**DATA SHOWN:**
(* Let $P\in\mathbb{R}_+^{n\times n}$ be sub-stochastic, $w\in\mathbb{R}^n_+$, and $c\in\mathbb{R}^n$, and let $\mathcal X=\{x\in\mathbb{R}^n:\,x=S_0^w(P'x+c)\}$ be the set of equilibria. Let $x(t)$ be the sequence defined by $x(t+1)=S_0^w(P'x(t)+c)$, $t\ge0$, with $x(0)=x_0$. Then: (i) $\mathcal X$ admits a minimal element $\underline x$ and a maximal element $\overline x$ (with respect to the entrywise order on $\mathbb{R}^n$); (ii) if $x_0=0$, then $x(t)\to\underline x$ as $t\to+\infty$; (iii) if $x_0=w$, then $x(t)\to\overline x$ as $t\to+\infty$; (iv) writing $\underline x(c)$ and $\overline x(c)$ for the minimal and maximal equilibria as functions of $c$ (with $P,w$ fixed), the maps $c\mapsto\underline x(c)$ and $c\mapsto\overline x(c)$ are monotone nondecreasing from $\mathbb{R}^n$ to $\mathcal L_0^w=\{x:\,0\le x\le w\}$.
   Context: A nonnegative matrix $P\in\mathbb{R}_+^{n\times n}$ is sub-stochastic if $P\mathbbm{1}\le\mathbbm{1}$ (this includes stochastic matrices, $P\mathbbm{1}=\mathbbm{1}$). For $w\in\mathbb{R}^n_+$, $(S_0^w(x))_i=\min\{\max\{x_i,0\},w_i\}$. $P'$ is the transpose of $P$. Vectors are ordered entrywise. *)

From HB Require Import structures.
From mathcomp Require Import all_boot all_order all_algebra.
From mathcomp Require Import all_classical all_reals all_analysis.
Set Implicit Arguments. Unset Strict Implicit. Unset Printing Implicit Defensive.
Import Order.TTheory GRing.Theory Num.Theory.
Local Open Scope ring_scope.
Local Open Scope classical_set_scope.

Definition lev (R : realType) (n : nat) (x y : 'cV[R]_n) : Prop :=
  forall i, x i 0 <= y i 0.

Definition substochastic (R : realType) (n : nat) (P : 'M[R]_n) : Prop :=
  (forall i j, 0 <= P i j) /\ (forall i, \sum_(j < n) P i j <= 1).

Definition sat0 (R : realType) (n : nat) (w x : 'cV[R]_n) : 'cV[R]_n :=
  \col_i Num.min (Num.max (x i 0) 0) (w i 0).

Definition step (R : realType) (n : nat) (P : 'M[R]_n) (w c x : 'cV[R]_n) :=
  sat0 w (P^T *m x + c).

Definition equilibria (R : realType) (n : nat) (P : 'M[R]_n) (w c : 'cV[R]_n)
  : set 'cV[R]_n := [set x | x = step P w c x].

Definition traj (R : realType) (n : nat) (P : 'M[R]_n) (w c x0 : 'cV[R]_n)
  (t : nat) : 'cV[R]_n := iter t (step P w c) x0.

Definition is_least_elt (R : realType) (n : nat) (X : set 'cV[R]_n) (x : 'cV[R]_n) :=
  X x /\ forall y, X y -> lev x y.
Definition is_greatest_elt (R : realType) (n : nat) (X : set 'cV[R]_n) (x : 'cV[R]_n) :=
  X x /\ forall y, X y -> lev y x.

Definition box0 (R : realType) (n : nat) (w : 'cV[R]_n) : set 'cV[R]_n :=
  [set x | lev 0 x /\ lev x w].

From HB Require Import structures.
From mathcomp Require Import all_boot all_order all_algebra.
From mathcomp Require Import all_classical all_reals all_analysis.
Import Order.TTheory GRing.Theory Num.Theory.
Import numFieldTopology.Exports numFieldNormedType.Exports.
Local Open Scope ring_scope.
Local Open Scope classical_set_scope.
Set Implicit Arguments. Unset Strict Implicit.

(* The map x |-> S_0^w(P'x + c) is monotone in x and c (as P >= 0), continuous,
   and sends every vector into the box [0, w].  Hence its iterates from 0
   increase and those from w decrease; their limits are fixed points, and
   comparing the iterates with an arbitrary equilibrium shows that they are the
   least and the greatest one.  An equilibrium for c2 >= c1 is a post-fixed
   point of the map for c1, which gives monotonicity in c. *)

Section EntrywiseConvergence.
Variables (K : numFieldType) (m p : nat) (T : Type) (F : set_system T).
Context {FF : Filter F}.

Lemma cvg_mxP (u : T -> 'M[K]_(m, p)) (L : 'M[K]_(m, p)) :
  u @ F --> L <-> forall i j, (fun x => u x i j) @ F --> L i j.
Proof.
split=> [uL i j|uL].
  exact: (continuous_cvg _ (@coord_continuous K m p i j L) uL).
apply/cvg_mx_entourageP => A entA.
apply: filter_forall => i; apply: filter_forall => j.
have /cvg_app_entourageP/(_ A entA) := uL i j.
by apply: filterS => x /= Ax; rewrite inE.
Qed.

End EntrywiseConvergence.

Section EntrywiseOrder.
Variables (R : realType) (n : nat).
Implicit Types (x y : 'cV[R]_n) (u : nat -> 'cV[R]_n).

Lemma lev_trans y x z : lev x y -> lev y z -> lev x z.
Proof. by move=> xy yz i; apply: le_trans (xy i) (yz i). Qed.

Lemma cvgn_mx u : (forall i, cvgn (fun t => u t i 0)) -> cvgn u.
Proof.
move=> uc; apply/cvg_ex; exists (\col_i limn (fun t => u t i 0)).
by apply/cvg_mxP => i j; rewrite ord1 mxE; apply: uc.
Qed.

Lemma cvgn_entry u i : cvgn u -> (fun t => u t i 0) @ \oo --> limn u i 0.
Proof. by move=> /cvg_mxP; apply. Qed.

Lemma limn_mxE u i : cvgn u -> limn u i 0 = limn (fun t => u t i 0).
Proof. by move=> uc; rewrite (cvg_lim _ (cvgn_entry uc)). Qed.

Lemma nondecreasing_lev_cvgn u y :
  (forall t, lev (u t) (u t.+1)) -> (forall t, lev (u t) y) -> cvgn u.
Proof.
move=> uS uy; apply: cvgn_mx => i; apply: nondecreasing_is_cvgn.
  by apply/nondecreasing_seqP => t; apply: uS.
by exists (y i 0) => _ [t _ <-]; apply: uy.
Qed.

Lemma nonincreasing_lev_cvgn u y :
  (forall t, lev (u t.+1) (u t)) -> (forall t, lev y (u t)) -> cvgn u.
Proof.
move=> uS yu; apply: cvgn_mx => i; apply: nonincreasing_is_cvgn.
  by apply/nonincreasing_seqP => t; apply: uS.
by exists (y i 0) => _ [t _ <-]; apply: yu.
Qed.

Lemma limn_lev u y : cvgn u -> (forall t, lev (u t) y) -> lev (limn u) y.
Proof.
move=> uc uy i; rewrite limn_mxE //; apply: limr_le.
  exact: cvgP (cvgn_entry uc).
by apply: nearW => t; apply: uy.
Qed.

Lemma lev_limn u y : cvgn u -> (forall t, lev y (u t)) -> lev y (limn u).
Proof.
move=> uc yu i; rewrite limn_mxE //; apply: limr_ge.
  exact: cvgP (cvgn_entry uc).
by apply: nearW => t; apply: yu.
Qed.

End EntrywiseOrder.

Section MonotoneIteration.
Variables (R : realType) (n : nat) (f : 'cV[R]_n -> 'cV[R]_n).
Hypothesis f_mono : forall x y, lev x y -> lev (f x) (f y).

Lemma iter_lev t x y : lev x y -> lev (iter t f x) (iter t f y).
Proof. by move=> xy; elim: t => //= t; apply: f_mono. Qed.

Lemma iter_lev_postfixed t a y : lev a y -> lev (f y) y -> lev (iter t f a) y.
Proof.
by move=> ay fy; elim: t => //= t IH; apply: lev_trans fy; apply: f_mono.
Qed.

Lemma iter_lev_prefixed t b y : lev y b -> lev y (f y) -> lev y (iter t f b).
Proof.
by move=> yb fy; elim: t => //= t IH; apply: lev_trans fy _; apply: f_mono.
Qed.

Lemma iter_nondecreasing t a : lev a (f a) -> lev (iter t f a) (iter t.+1 f a).
Proof. by move=> afa; rewrite iterSr; apply: iter_lev. Qed.

Lemma iter_nonincreasing t b : lev (f b) b -> lev (iter t.+1 f b) (iter t f b).
Proof. by move=> fbb; rewrite iterSr; apply: iter_lev. Qed.

Lemma limn_iter_fixed (f_cont : continuous f) x :
  cvgn (fun t => iter t f x) ->
  f (limn (fun t => iter t f x)) = limn (fun t => iter t f x).
Proof.
move=> xc; set L := limn _.
have fL : (fun t => iter t.+1 f x) @ \oo --> f L.
  exact: (continuous_cvg _ (f_cont L) xc).
rewrite -(cvg_lim (@norm_hausdorff _ _) fL).
apply: (cvg_lim (@norm_hausdorff _ _)).
by rewrite (cvg_shiftS (fun t => iter t f x)).
Qed.

Variables (a b : 'cV[R]_n).
Hypotheses (ab : lev a b) (fa : lev a (f a)) (fb : lev (f b) b).

Lemma cvgn_iter_bottom : cvgn (fun t => iter t f a).
Proof.
apply: (@nondecreasing_lev_cvgn _ _ _ b) => t; first exact: iter_nondecreasing.
exact: iter_lev_postfixed.
Qed.

Lemma cvgn_iter_top : cvgn (fun t => iter t f b).
Proof.
apply: (@nonincreasing_lev_cvgn _ _ _ a) => t; first exact: iter_nonincreasing.
exact: iter_lev_prefixed.
Qed.

Lemma limn_iter_bottom_least y :
  lev a y -> lev (f y) y -> lev (limn (fun t => iter t f a)) y.
Proof.
by move=> ay fy; apply: limn_lev cvgn_iter_bottom _ => t; apply: iter_lev_postfixed.
Qed.

Lemma limn_iter_top_greatest y :
  lev y b -> lev y (f y) -> lev y (limn (fun t => iter t f b)).
Proof.
by move=> yb fy; apply: lev_limn cvgn_iter_top _ => t; apply: iter_lev_prefixed.
Qed.

End MonotoneIteration.

Section SaturatedDynamics.
Variables (R : realType) (n : nat) (P : 'M[R]_n) (w : 'cV[R]_n).

Lemma stepE c x i :
  step P w c x i 0 = Num.min (Num.max (\sum_j P j i * x j 0 + c i 0) 0) (w i 0).
Proof. by rewrite !mxE; under eq_bigr do rewrite mxE. Qed.

Lemma step_continuous c : continuous (step P w c).
Proof.
move=> x; apply/(@cvg_mxP _ _ _ _ (nbhs x)) => i j.
rewrite ord1 stepE; under eq_fun do rewrite stepE.
apply: (continuous2_cvg _ (h := Num.min)); last exact: cvg_cst.
  exact: (@min_continuous _ R^o (_, _)).
apply: (continuous2_cvg _ (h := Num.max)); last exact: cvg_cst.
  exact: (@max_continuous _ R^o (_, _)).
apply: cvgD; last exact: cvg_cst.
apply: cvg_big => //; first exact: add_continuous.
by move=> k _; apply: cvgM; [exact: cvg_cst | exact: coord_continuous].
Qed.

Hypothesis w_ge0 : lev 0 w.

Lemma step_box c x : box0 w (step P w c x).
Proof.
split=> i; rewrite stepE; last by rewrite ge_min lexx orbT.
by rewrite mxE le_min le_max lexx orbT; have := w_ge0 i; rewrite mxE.
Qed.

Lemma equilibria_box c x : equilibria P w c x -> box0 w x.
Proof. by move=> ->; apply: step_box. Qed.

Hypothesis P_ge0 : forall i j, 0 <= P i j.

Lemma step_mono c1 c2 x y :
  lev c1 c2 -> lev x y -> lev (step P w c1 x) (step P w c2 y).
Proof.
move=> c12 xy i; rewrite !stepE; apply: le_min2 => //; apply: le_max2 => //.
by apply: lerD => //; apply: ler_sum => j _; apply: ler_wpM2l.
Qed.

Definition min_equilibrium c := limn (traj P w c 0).
Definition max_equilibrium c := limn (traj P w c w).

Let step_monotone c : forall x y, lev x y -> lev (step P w c x) (step P w c y).
Proof. by move=> x y; apply: step_mono. Qed.
Let step0 c : lev 0 (step P w c 0). Proof. by case: (step_box c 0). Qed.
Let stepw c : lev (step P w c w) w. Proof. by case: (step_box c w). Qed.

Lemma traj_cvg_min_equilibrium c : traj P w c 0 @ \oo --> min_equilibrium c.
Proof. exact: (cvgn_iter_bottom (step_monotone c) w_ge0 (step0 c) (stepw c)). Qed.

Lemma traj_cvg_max_equilibrium c : traj P w c w @ \oo --> max_equilibrium c.
Proof. exact: (cvgn_iter_top (step_monotone c) w_ge0 (step0 c) (stepw c)). Qed.

Lemma min_equilibrium_fixed c : equilibria P w c (min_equilibrium c).
Proof. exact/esym/limn_iter_fixed/traj_cvg_min_equilibrium/step_continuous. Qed.

Lemma max_equilibrium_fixed c : equilibria P w c (max_equilibrium c).
Proof. exact/esym/limn_iter_fixed/traj_cvg_max_equilibrium/step_continuous. Qed.

Lemma min_equilibrium_le c1 c2 y :
  lev c1 c2 -> equilibria P w c2 y -> lev (min_equilibrium c1) y.
Proof.
move=> c12 yeq; have [y_ge0 _] := equilibria_box yeq.
apply: (limn_iter_bottom_least (step_monotone c1) w_ge0 (step0 c1) (stepw c1)) => //.
by rewrite [X in lev _ X]yeq; apply: step_mono.
Qed.

Lemma max_equilibrium_ge c1 c2 y :
  lev c1 c2 -> equilibria P w c1 y -> lev y (max_equilibrium c2).
Proof.
move=> c12 yeq; have [_ y_lew] := equilibria_box yeq.
apply: (limn_iter_top_greatest (step_monotone c2) w_ge0 (step0 c2) (stepw c2)) => //.
by rewrite [X in lev X _]yeq; apply: step_mono.
Qed.

End SaturatedDynamics.

Theorem proposition1 (R : realType) (n : nat) (P : 'M[R]_n) (w : 'cV[R]_n) :
  substochastic P -> lev 0 w ->
  exists xlo xhi : 'cV[R]_n -> 'cV[R]_n,
    (* (i) *)
    (forall c, is_least_elt (equilibria P w c) (xlo c) /\
               is_greatest_elt (equilibria P w c) (xhi c)) /\
    (* (ii) *)
    (forall c, traj P w c 0 @ \oo --> xlo c) /\
    (* (iii) *)
    (forall c, traj P w c w @ \oo --> xhi c) /\
    (* (iv) *)
    (forall c, box0 w (xlo c) /\ box0 w (xhi c)) /\
    (forall c1 c2, lev c1 c2 -> lev (xlo c1) (xlo c2) /\ lev (xhi c1) (xhi c2)).
Proof.
move=> [P_ge0 _] w_ge0.
exists (min_equilibrium P w), (max_equilibrium P w).
split; [|split; [|split; [|split]]] => [c|c|c|c|c1 c2 c12].
- split; split.
  + exact: min_equilibrium_fixed.
  + by move=> y; apply: min_equilibrium_le.
  + exact: max_equilibrium_fixed.
  + by move=> y; apply: max_equilibrium_ge.
- exact: traj_cvg_min_equilibrium.
- exact: traj_cvg_max_equilibrium.
- split; apply: equilibria_box => //.
    exact: min_equilibrium_fixed.
  exact: max_equilibrium_fixed.
- split; first exact/min_equilibrium_le/min_equilibrium_fixed.
  exact/max_equilibrium_ge/max_equilibrium_fixed.
Qed.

**WORK REQUEST:** Give back, exactly as written, the stretch from the line with "Variables (R : realType) (n : nat) (P" through the line with "Lemma step_mono c1", and no other lines from the records above.

**YOUR RESPONSE:**
Variables (R : realType) (n : nat) (P : 'M[R]_n) (w : 'cV[R]_n).

Lemma stepE c x i :
  step P w c x i 0 = Num.min (Num.max (\sum_j P j i * x j 0 + c i 0) 0) (w i 0).
Proof. by rewrite !mxE; under eq_bigr do rewrite mxE. Qed.

Lemma step_continuous c : continuous (step P w c).
Proof.
move=> x; apply/(@cvg_mxP _ _ _ _ (nbhs x)) => i j.
rewrite ord1 stepE; under eq_fun do rewrite stepE.
apply: (continuous2_cvg _ (h := Num.min)); last exact: cvg_cst.
  exact: (@min_continuous _ R^o (_, _)).
apply: (continuous2_cvg _ (h := Num.max)); last exact: cvg_cst.
  exact: (@max_continuous _ R^o (_, _)).
apply: cvgD; last exact: cvg_cst.
apply: cvg_big => //; first exact: add_continuous.
by move=> k _; apply: cvgM; [exact: cvg_cst | exact: coord_continuous].
Qed.

Hypothesis w_ge0 : lev 0 w.

Lemma step_box c x : box0 w (step P w c x).
Proof.
split=> i; rewrite stepE; last by rewrite ge_min lexx orbT.
by rewrite mxE le_min le_max lexx orbT; have := w_ge0 i; rewrite mxE.
Qed.

Lemma equilibria_box c x : equilibria P w c x -> box0 w x.
Proof. by move=> ->; apply: step_box. Qed.

Hypothesis P_ge0 : forall i j, 0 <= P i j.

Lemma step_mono c1 c2 x y :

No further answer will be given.